Memorial Day 2010

Seen by the side of the road in North Tisbury this week: a photographer in jeans and a T-shirt training his long lens deep into a meadow of white daisies and bluebonnets. Stippled with late afternoon light, the exquisite flowering spring meadow spills out through a line of roadside split rails as if to say, don’t fence me in!

Perhaps they are the watchword for the season this year, where winter spilled into spring with ease and spring appears to be spilling into summer just as effortlessly. The bluefish are running and they’re catching keeper bass in saltwater coves around the Island. Windows in Island homes are thrown open to the warm, summer-like May air, and passing by one, the atonal strains of Coltrane float out across a lush green hayfield. It looks like the first cutting will be extra early this year. Coltrane and hayfields, now there’s a combo.

Memorial Day is Monday. Everywhere you look the Vineyard is open for business again, and merchants are stocking the shelves with an anxious eye on the season ahead. The Island economy has suffered badly in the past year, and many businesses closed their doors for good.
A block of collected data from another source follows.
Lemma isMor_comma_arr x y : isOb x -> isOb y ->
  isMor (comma_arr x y) = [forall i, below (coord x i) (coord y i)].
Proof.
move=> /isObP [f [g [-> adm_fg]]] /isObP [f' [g' [-> adm_fg']]].
have inT_c f1 g1 : (forall i, admissible (d i) (f1 i, g1 i)) ->
    inT [ffun i => d i - f1 i - g1 i].
  move=> adm1; rewrite inTE; apply/forallP => i.
  by have := adm1 i; rewrite ffunE /admissible /=; lia.
have isOb_c f1 g1 : (forall i, admissible (d i) (f1 i, g1 i)) ->
    comma_isOb (incl (C:=FN n) (@inT n)) d (comma_obj f1 g1).
  by move=> adm1; change (@isOb C (comma_obj f1 g1)); rewrite isOb_comma_obj; apply/forallP.
rewrite /= /comma_isMor isOb_c // isOb_c //= !inT_c // !eqxx !xpair_eqE !eqxx /= !andbT.
rewrite /coord /f_of /g_of /=.
apply/and3P/forallP => [[_ /eqP/ffunP f_eq /eqP/ffunP g_eq] i | below_fg].
  by have := f_eq i; have := g_eq i; rewrite /below /mulN !ffunE /=; lia.
split; apply/eqP/ffunP => i; have := below_fg i; have := adm_fg i; have := adm_fg' i;
  by rewrite /below /admissible /mulN !ffunE /=; lia.
Qed.

Lemma comma_arr_isObl x y : isMor (comma_arr x y) -> isOb x.
Proof. by case/and3P. Qed.

Lemma comma_arr_isObr x y : isMor (comma_arr x y) -> isOb y.
Proof. by case/and3P. Qed.

Lemma comma_arrE m : isMor m -> m = comma_arr (src m) (tgt m).
Proof.
case: m => [[[c1 [[[c1' d1] f1] g1]] [c2 [[[c2' d2] f2] g2]]] [[[s t] hf] hg]].
rewrite /= /comma_isMor /= => /and5P [_ _ _ /eqP s_c1 /andP [/eqP t_c2 /eqP]].
case=> _ _ /ffunP f_eq /ffunP g_eq; rewrite /comma_arr /f_of /g_of /= s_c1 t_c2.
by congr (_, (_, _, _, _)); apply/ffunP => i;
  [have := f_eq i | have := g_eq i]; rewrite /mulN !ffunE /= => <-; lia.
Qed.

Lemma comp_comma_arr x y z : isMor (comma_arr x y) -> isMor (comma_arr y z) ->
  Defs.comp (comma_arr y z) (comma_arr x y) = comma_arr x z.
Proof.
move=> xy yz; move: (xy) (yz).
rewrite !isMor_comma_arr ?(comma_arr_isObl xy) ?(comma_arr_isObr xy) ?(comma_arr_isObr yz) //.
move=> /forallP below_xy /forallP below_yz; rewrite /= /comma_arr /=.
by congr (_, (_, _, _, _)); apply/ffunP => i; have := below_xy i; have := below_yz i;
  rewrite /below /mulN !ffunE /=; lia.
Qed.

Implicit Types (h : nat -> nat * nat -> nat * nat).

Definition coord_map h x : Ob C :=
  comma_obj [ffun i => (h (d i) (coord x i)).1] [ffun i => (h (d i) (coord x i)).2].

Definition preserves_admissible h := forall D p, admissible D p -> admissible D (h D p).

Lemma coord_map_coord h x i : coord (coord_map h x) i = h (d i) (coord x i).
Proof. by rewrite /coord /f_of /g_of /= !ffunE -surjective_pairing. Qed.

Lemma isOb_coord_map h x : preserves_admissible h -> isOb x -> isOb (coord_map h x).
Proof.
move=> adm_h ox; rewrite isOb_comma_obj; apply/forallP => i.
by rewrite !ffunE -surjective_pairing adm_h // isOb_admissible.
Qed.

Lemma isMor_coord_map h x y : preserves_admissible h ->
  (forall D p q, admissible D p -> admissible D q -> below p q -> below (h D p) (h D q)) ->
  isMor (comma_arr x y) -> isMor (comma_arr (coord_map h x) (coord_map h y)).
Proof.
move=> adm_h h_mono xy; have ox := comma_arr_isObl xy; have oy := comma_arr_isObr xy.
rewrite isMor_comma_arr ?isOb_coord_map //; apply/forallP => i; rewrite !coord_map_coord.
by apply: h_mono; rewrite ?isOb_admissible //; move: xy; rewrite isMor_comma_arr // => /forallP.
Qed.

Lemma isMor_coord_map_below h1 h2 x : preserves_admissible h1 -> preserves_admissible h2 ->
  (forall D p, admissible D p -> below (h1 D p) (h2 D p)) ->
  isOb x -> isMor (comma_arr (coord_map h1 x) (coord_map h2 x)).
Proof.
move=> adm_h1 adm_h2 h12 ox; rewrite isMor_comma_arr ?isOb_coord_map //.
by apply/forallP => i; rewrite !coord_map_coord h12 ?isOb_admissible.
Qed.

Lemma coord_map_id h x :
  isOb x -> (forall i, h (d i) (coord x i) = coord x i) -> coord_map h x = x.
Proof.
move=> /isObP [f [g [-> _]]] h_id; rewrite /coord_map.
by congr comma_obj; apply/ffunP => i; rewrite ffunE h_id.
Qed.

Lemma comma_contractible :
  connected C /\ forall q, (0 < q)%N -> colim_derived_const_Z_vanishes C q.
Proof.
have adm_hi k : preserves_admissible (clamp_hi k) by move=> D p; apply: admissible_clamp_hi.
have adm_lo k : preserves_admissible (clamp_lo k) by move=> D p; apply: admissible_clamp_lo.
apply: (@zigzag_contractible _ comma_arr (fun _ _ => erefl) (fun _ _ => erefl)
          comma_arrE comp_comma_arr comma_arr_isObl comma_arr_isObr
          (fun k => coord_map (clamp_hi k)) (fun k => coord_map (clamp_lo k))
          (comma_obj [ffun => 0] d) (\sum_i d i).+1).
- by move=> x ox; rewrite isMor_comma_arr //; apply/forallP => i; rewrite /below !leqnn.
- by rewrite isOb_comma_obj; apply/forallP => i; rewrite /admissible ffunE /=; lia.
- by move=> k x y; apply: isMor_coord_map => //; exact: below_clamp_hi.
- by move=> k x y; apply: isMor_coord_map => //; exact: below_clamp_lo.
- by move=> k x; apply: isMor_coord_map_below => //; exact: below_clamp_hi_lo.
- by move=> k x; apply: isMor_coord_map_below => //; exact: below_clamp_hiS_lo.
- by move=> x _; congr comma_obj; apply/ffunP => i; rewrite !ffunE /= subn0.
- move=> x ox; apply: coord_map_id => // i; rewrite /clamp_hi ifT //.
  have : d i <= \sum_j d j by rewrite (bigD1 i) //= leq_addr.
  by have := isOb_admissible i ox; rewrite /admissible /=; lia.
Qed.
End SquarefreeComma.
Lemma cutoff_itv_measure n : fine (mu (cutoff_itv n)) = 1 - cutoff n - cutoff n.
Proof. by rewrite lebesgue_measure_itv /= lte_fin cutoff_lt. Qed.

Lemma cutoff_itvP n t : cutoff_itv n t -> cutoff n <= t <= 1 - cutoff n.
Proof. by rewrite /cutoff_itv /= in_itv. Qed.

Lemma cutoff_itv_sub n : cutoff_itv n `<=` `]0, 1[.
Proof.
move=> t /cutoff_itvP /andP[t_ge t_le]; have := cutoff_gt0 n.
by rewrite /= in_itv /=; move=> ?; apply/andP; split; lra.
Qed.

Lemma in_cutoff_itv n t : t \in cutoff_itv n -> 0 < t < 1.
Proof. by rewrite inE => /cutoff_itv_sub; rewrite /= in_itv. Qed.

Lemma cutoff_itv_nondecreasing m n : (m <= n)%N -> cutoff_itv m `<=` cutoff_itv n.
Proof.
move=> mn t /cutoff_itvP /andP[t_ge t_le]; have := cutoff_nonincreasing mn.
by rewrite /cutoff_itv /= in_itv /= => ?; apply/andP; split; lra.
Qed.

Lemma cutoff_itv_near t : 0 < t < 1 -> \forall n \near \oo, cutoff_itv n t.
Proof.
move=> /andP[t0 t1].
have m0 : 0 < Num.min t (1 - t) by rewrite lt_min t0 /=; lra.
near=> n.
have : cutoff n < Num.min t (1 - t) by near: n; exact: (cvgr_lt _ cutoff_cvg0).
rewrite lt_min => /andP[? ?].
by rewrite /cutoff_itv /= in_itv /=; apply/andP; split; lra.
Unshelve. all: by end_near. Qed.

Lemma powRD1 t p : 0 < t -> t `^ (p + 1) = t `^ p * t.
Proof. by move=> t0; rewrite powRD ?powRr1 ?ltW //; apply/implyP => _; rewrite gt_eqF. Qed.

Lemma powR_le1 t p : 0 < t <= 1 -> 0 <= p -> t `^ p <= 1.
Proof. by move=> t01 p0; rewrite -(powRr0 t) ger_powR. Qed.

Lemma powR_continuous p t : 0 < t -> {for t, continuous (@powR R ^~ p)}.
Proof.
move=> t0; apply: differentiable_continuous; apply/derivable1_diffP.
by apply: derivable_powR; rewrite in_itv /= andbT.
Qed.

Lemma onem_powR_continuous p t : t < 1 -> {for t, continuous (fun t => (1 - t) `^ p)}.
Proof.
move=> t1; have onem_t : {for t, continuous (fun t : R => 1 - t)}.
  by apply: cvgB; [exact: cvg_cst|exact: cvg_id].
have pow_1t : {for 1 - t, continuous (@powR R ^~ p)} by apply: powR_continuous; lra.
exact: continuous_comp onem_t pow_1t.
Qed.

Lemma is_derive_onem_powR p t : t < 1 ->
  is_derive t 1 (fun t => (1 - t) `^ p) (- (p * (1 - t) `^ (p - 1))).
Proof.
move=> t1.
have d1 : is_derive t (1 : R) (cst (1 : R) - id) (0 - 1) by apply: is_deriveB.
have d2 : is_derive (1 - t) (1 : R) (@powR R ^~ p) (p * (1 - t) `^ (p - 1)).
  by apply: is_derive1_powR; lra.
have := is_derive1_comp (f := @powR R ^~ p) (g := cst 1 - id) (x := t) d2 d1.
by rewrite sub0r mulrN1.
Qed.

Lemma derive1_onem_powR p t : t < 1 ->
  (fun t => (1 - t) `^ p)^`() t = - (p * (1 - t) `^ (p - 1)).
Proof. by move=> t1; rewrite derive1E; case: (is_derive_onem_powR p t1). Qed.

Lemma derivable_oo_LRcontinuous_powR p a b : 0 < a -> a < b ->
  derivable_oo_LRcontinuous (@powR R ^~ p) a b.
Proof.
move=> a0 ab; split.
- move=> t; rewrite in_itv /= => /andP[a_t _].
  by apply: derivable_powR; rewrite in_itv /= andbT; lra.
- exact/cvg_at_right_filter/powR_continuous.
- by apply/cvg_at_left_filter/powR_continuous; lra.
Qed.

Lemma derivable_oo_LRcontinuous_onem_powR p a b : a < b -> b < 1 ->
  derivable_oo_LRcontinuous (fun t => (1 - t) `^ p) a b.
Proof.
move=> ab b1; split.
- move=> t; rewrite in_itv /= => /andP[_ tb].
  have t1 : t < 1 by lra.
  by case: (is_derive_onem_powR p t1).
- by apply/cvg_at_right_filter/onem_powR_continuous; lra.
- exact/cvg_at_left_filter/onem_powR_continuous.
Qed.

Lemma beta_integrand_ge0 x y t : 0 <= beta_integrand x y t.
Proof. by rewrite mulr_ge0 ?powR_ge0. Qed.

Lemma measurable_beta_integrand x y : measurable_fun setT (beta_integrand x y).
Proof.
apply: measurable_funM; first exact: measurable_powR.
by apply: (measurableT_comp (measurable_powR _)); exact: measurable_funB.
Qed.

Lemma beta_integrand_continuous x y t : 0 < t < 1 ->
  {for t, continuous (beta_integrand x y)}.
Proof.
move=> /andP[t0 t1].
by apply: cvgM; [exact: powR_continuous|exact: onem_powR_continuous].
Qed.

Lemma beta_integrand_integrable x y n :
  mu.-integrable (cutoff_itv n) (EFin \o beta_integrand x y).
Proof.
apply: continuous_compact_integrable; first exact: segment_compact.
apply: continuous_in_subspaceT => t /in_cutoff_itv.
exact: beta_integrand_continuous.
Qed.

Lemma beta_integrand_pascal x y t : 0 < t < 1 ->
  beta_integrand x y t = beta_integrand (x + 1) y t + beta_integrand x (y + 1) t.
Proof.
move=> /andP[t0 t1]; rewrite /beta_integrand.
have -> : x + 1 - 1 = x - 1 + 1 by ring.
have -> : y + 1 - 1 = y - 1 + 1 by ring.
by rewrite powRD1 // powRD1; [ring|lra].
Qed.

Lemma beta_trunc_pascal x y n :
  beta_trunc x y n = beta_trunc (x + 1) y n + beta_trunc x (y + 1) n.
Proof.
rewrite /beta_trunc -RintegralD ?beta_integrand_integrable //;
  last exact: measurable_cutoff_itv.
by apply: eq_Rintegral => t /in_cutoff_itv; exact: beta_integrand_pascal.
Qed.

Lemma beta_trunc_parts x y n : 0 < x -> 0 < y ->
  y * beta_trunc (x + 1) y n - x * beta_trunc x (y + 1) n = beta_boundary x y n.
Proof.
move=> x0 y0; set a := cutoff n.
have a0 : 0 < a := cutoff_gt0 n.
have a1 : 1 - a < 1 by lra.
have in_ab t : t \in `[a, 1 - a]%R -> 0 < t < 1.
  by rewrite in_itv /= => /andP[? ?]; apply/andP; split; lra.
have := @Rintegration_by_parts R (@powR R ^~ x) (fun t => (1 - t) `^ y)
  (fun t => x * t `^ (x - 1)) (fun t => - (y * (1 - t) `^ (y - 1))) a (1 - a) (cutoff_lt n).
have cf : {within `[a, 1 - a], continuous (fun t => x * t `^ (x - 1))}.
  apply: continuous_in_subspaceT => t; rewrite inE /= => /in_ab /andP[t0 _].
  by apply: cvgM; [exact: cvg_cst|exact: powR_continuous].
have Ff : {in `]a, 1 - a[%R, (@powR R ^~ x)^`() =1 (fun t => x * t `^ (x - 1))}.
  move=> t; rewrite in_itv /= => /andP[? _].
  by rewrite powR_derive1 // in_itv /= andbT; lra.
have cg : {within `[a, 1 - a], continuous (fun t => - (y * (1 - t) `^ (y - 1)))}.
  apply: continuous_in_subspaceT => t; rewrite inE /= => /in_ab /andP[_ t1].
  by apply: cvgN; apply: cvgM; [exact: cvg_cst|exact: onem_powR_continuous].
have Gg : {in `]a, 1 - a[%R, (fun t => (1 - t) `^ y)^`() =1
                           (fun t => - (y * (1 - t) `^ (y - 1)))}.
  by move=> t; rewrite in_itv /= => /andP[_ ?]; rewrite derive1_onem_powR //; lra.
move=> /(_ cf (derivable_oo_LRcontinuous_powR _ a0 (cutoff_lt n)) Ff cg
            (derivable_oo_LRcontinuous_onem_powR _ (cutoff_lt n) a1) Gg).
have E1 : \int[mu]_(t in `[a, 1 - a]) (t `^ x * - (y * (1 - t) `^ (y - 1)))
    = - y * beta_trunc (x + 1) y n.
  rewrite /beta_trunc -RintegralZl ?beta_integrand_integrable //;
    last exact: measurable_cutoff_itv.
  by apply: eq_Rintegral => t _; rewrite /beta_integrand addrK; ring.
have E2 : \int[mu]_(t in `[a, 1 - a]) (x * t `^ (x - 1) * (1 - t) `^ y)
    = x * beta_trunc x (y + 1) n.
  rewrite /beta_trunc -RintegralZl ?beta_integrand_integrable //;
    last exact: measurable_cutoff_itv.
  by apply: eq_Rintegral => t _; rewrite /beta_integrand addrK; ring.
rewrite E1 E2 (_ : 1 - (1 - a) = a) /beta_boundary -/a; last by ring.
lra.
Qed.

Lemma beta_boundary_le1 x y n : 0 <= x -> 0 <= y -> `|beta_boundary x y n| <= 1.
Proof.
move=> x0 y0; have a0 := cutoff_gt0 n; have a3 := cutoff_le n.
have a_le1 p : 0 <= p -> cutoff n `^ p <= 1 by apply: powR_le1; apply/andP; split; lra.
have b_le1 p : 0 <= p -> (1 - cutoff n) `^ p <= 1.
  by apply: powR_le1; apply/andP; split; lra.
have := a_le1 _ x0; have := a_le1 _ y0; have := b_le1 _ x0; have := b_le1 _ y0.
have := powR_ge0 (cutoff n) x; have := powR_ge0 (cutoff n) y.
have := powR_ge0 (1 - cutoff n) x; have := powR_ge0 (1 - cutoff n) y.
rewrite /beta_boundary ler_norml => *; apply/andP; split; nra.
Qed.

Lemma beta_boundary_cvg0 x y : 0 < x -> 0 < y -> beta_boundary x y n @[n --> \oo] --> (0 : R).
Proof.
move=> x0 y0.
have a_cvg p : 0 < p -> cutoff n `^ p @[n --> \oo] --> (0 : R).
  move=> p0; have := (cvg_at_rightP (@powR R ^~ p) 0 0).1 (powR_cvg0 p0).
  by apply; split; [exact: cutoff_gt0|exact: cutoff_cvg0].
have b_cvg p : (1 - cutoff n) `^ p @[n --> \oo] --> (1 : R).
  have onem_cvg : 1 - cutoff n @[n --> \oo] --> (1 : R).
    by rewrite -[X in _ --> X]subr0; apply: cvgB; [exact: cvg_cst|exact: cutoff_cvg0].
  have := cvg_comp _ _ onem_cvg (powR_continuous (p := p) ltr01).
  by rewrite /= powR1.
have := cvgB (cvgM (a_cvg _ x0) (b_cvg y)) (cvgM (b_cvg x) (a_cvg _ y0)).
by rewrite mul0r mulr0 subr0; apply.
Qed.

Lemma beta_trunc_le1 x y n : 1 <= x -> 1 <= y -> beta_trunc x y n <= 1.
Proof.
move=> x1 y1.
have one_integrable : mu.-integrable (cutoff_itv n) (EFin \o cst (1 : R)).
  apply: continuous_compact_integrable; first exact: segment_compact.
  by apply: continuous_subspaceT => t; exact: cvg_cst.
apply: (@le_trans _ _ (\int[mu]_(t in cutoff_itv n) (1 : R))).
  apply: le_Rintegral; [exact: measurable_cutoff_itv|
                        exact: beta_integrand_integrable|exact: one_integrable|].
  move=> t /cutoff_itv_sub; rewrite /= in_itv /= => /andP[t0 t1].
  apply: mulr_ile1; rewrite ?powR_ge0 //; apply: powR_le1; rewrite ?subr_ge0 //;
    apply/andP; split; lra.
rewrite Rintegral_cst; last exact: measurable_cutoff_itv.
rewrite cutoff_itv_measure mul1r.
by have := cutoff_gt0 n; lra.
Qed.

Lemma beta_trunc_bounded x y : 0 < x -> 0 < y -> exists C, forall n, beta_trunc x y n <= C.
Proof.
move=> x0 y0; set K := (x + 2) / y + 1.
exists (K + (y * K + 1) / x) => n.
have parts_le a b : 0 < a -> 0 < b ->
    b * beta_trunc (a + 1) b n <= a * beta_trunc a (b + 1) n + 1 /\
    a * beta_trunc a (b + 1) n <= b * beta_trunc (a + 1) b n + 1.
  move=> a0 b0; have := beta_boundary_le1 n (ltW a0) (ltW b0).
  by rewrite -(beta_trunc_parts n a0 b0) ler_norml => /andP[? ?]; split; lra.
have x10 : 0 < x + 1 by lra.
have Jx1 : beta_trunc (x + 1) y n <= K.
  have [shift_le _] := parts_le _ _ x10 y0.
  have le1 : beta_trunc (x + 1) (y + 1) n <= 1 by apply: beta_trunc_le1; lra.
  have Jx2 : beta_trunc (x + 1 + 1) y n <= (x + 2) / y.
    rewrite ler_pdivlMr // mulrC.
    by apply: le_trans shift_le _; have := ler_wpM2l (ltW x10) le1; lra.
  by rewrite beta_trunc_pascal /K lerD.
have Jy1 : beta_trunc x (y + 1) n <= (y * K + 1) / x.
  have [_ shift_le] := parts_le _ _ x0 y0.
  rewrite ler_pdivlMr // mulrC.
  by apply: le_trans shift_le _; rewrite lerD2r ler_wpM2l // ltW.
by rewrite beta_trunc_pascal lerD.
Qed.

Lemma beta_trunc_EFin x y n :
  (beta_trunc x y n)%:E = (\int[mu]_(t in cutoff_itv n) (beta_integrand x y t)%:E)%E.
Proof.
rewrite /beta_trunc /Rintegral fineK //.
by apply: integrable_fin_num; [exact: measurable_cutoff_itv|exact: beta_integrand_integrable].
Qed.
But now there are new ones taking their place, and this no doubt will be a testing year for these new concerns, as they try the tricky task of making a business work in a season where profits must be turned in four short months. It’s a hard go, any businessman will tell you. But such is the nature of a resort economy, which is in a constant struggle to even out the ups and downs of its extremes: too much in the summer, too little in the winter. Real estate and construction, upon which the Island economy has become overly reliant, remain deep in the doldrums, but the upside of this is that prices have begun to come down a bit, making home buying nearly affordable again for some middle-class Islanders (how many are left?) More correction is needed, and it will be interesting to see what the summer and fall bring.

For year-round Islanders this time of year comes like the shock of plunging into the cold ocean water for the first time: it’s accompanied by a bit of a gasp. Suddenly we are moving all over the place: off-Island to college graduations, down-Island to shop for beach towels, up-Island for fried clams in Menemsha. Hello, summer, our old friend. It’s nice to see you again.

But Memorial Day is about more than just the onset of summer; it is also a time to pause for solemn remembrance of those who fought and died in wars. On the Vineyard that remembrance takes many different forms.

Today in Edgartown and Vineyard Haven, by long tradition elementary school children will march to the sea and throw flowers in the water in remembrance of those who died at sea. There will be songs, readings and recitations.

On Monday the traditional Memorial Day parade, hosted by the Island veterans organization, steps off at 9:30 a.m. on Pine Tree Lane in Vineyard Haven, and continues to Oak Grove Cemetery for ceremonies, before returning to the American Legion Hall.

At the Vineyard Museum in Edgartown an exhibit will reopen that includes a remarkable collection of oral histories from Islanders who served in World War II. Titled Those Who Serve, the exhibit will remain open until Labor Day and is a must-see for Islanders and visitors alike. Excerpts of two of the accounts — from Ted Morgan of Edgartown and Nelson Bryant of West Tisbury, both parachuters who jumped into Normandy — are published on Page One-B in today’s Gazette. They are a small window into this extraordinary exhibit at the museum.

Meanwhile, a forgotten memorial to the Island veterans of the Viet Nam War has found a new home. Crafted by Vineyard Haven sculptor and artist Barney Zeitz, the memorial formerly stood at the head of Main street Vineyard Haven. It was moved following the December 2001 fire at the Mansion House, and has rested in Mr. Zeitz’s yard since then. Last week it was announced that the monument will be moved to Martha’s Vineyard Community Services in honor of Tom Bennett, the longtime head of the Island Counseling Center and a Viet Nam War veteran.

It’s wonderful to see the monument, which has had a troubled trail and has not been loved by all, be given a proper home after all these years.

Call it closure as the summer of 2010 begins, like all summers on the Vineyard, full of hope and promise.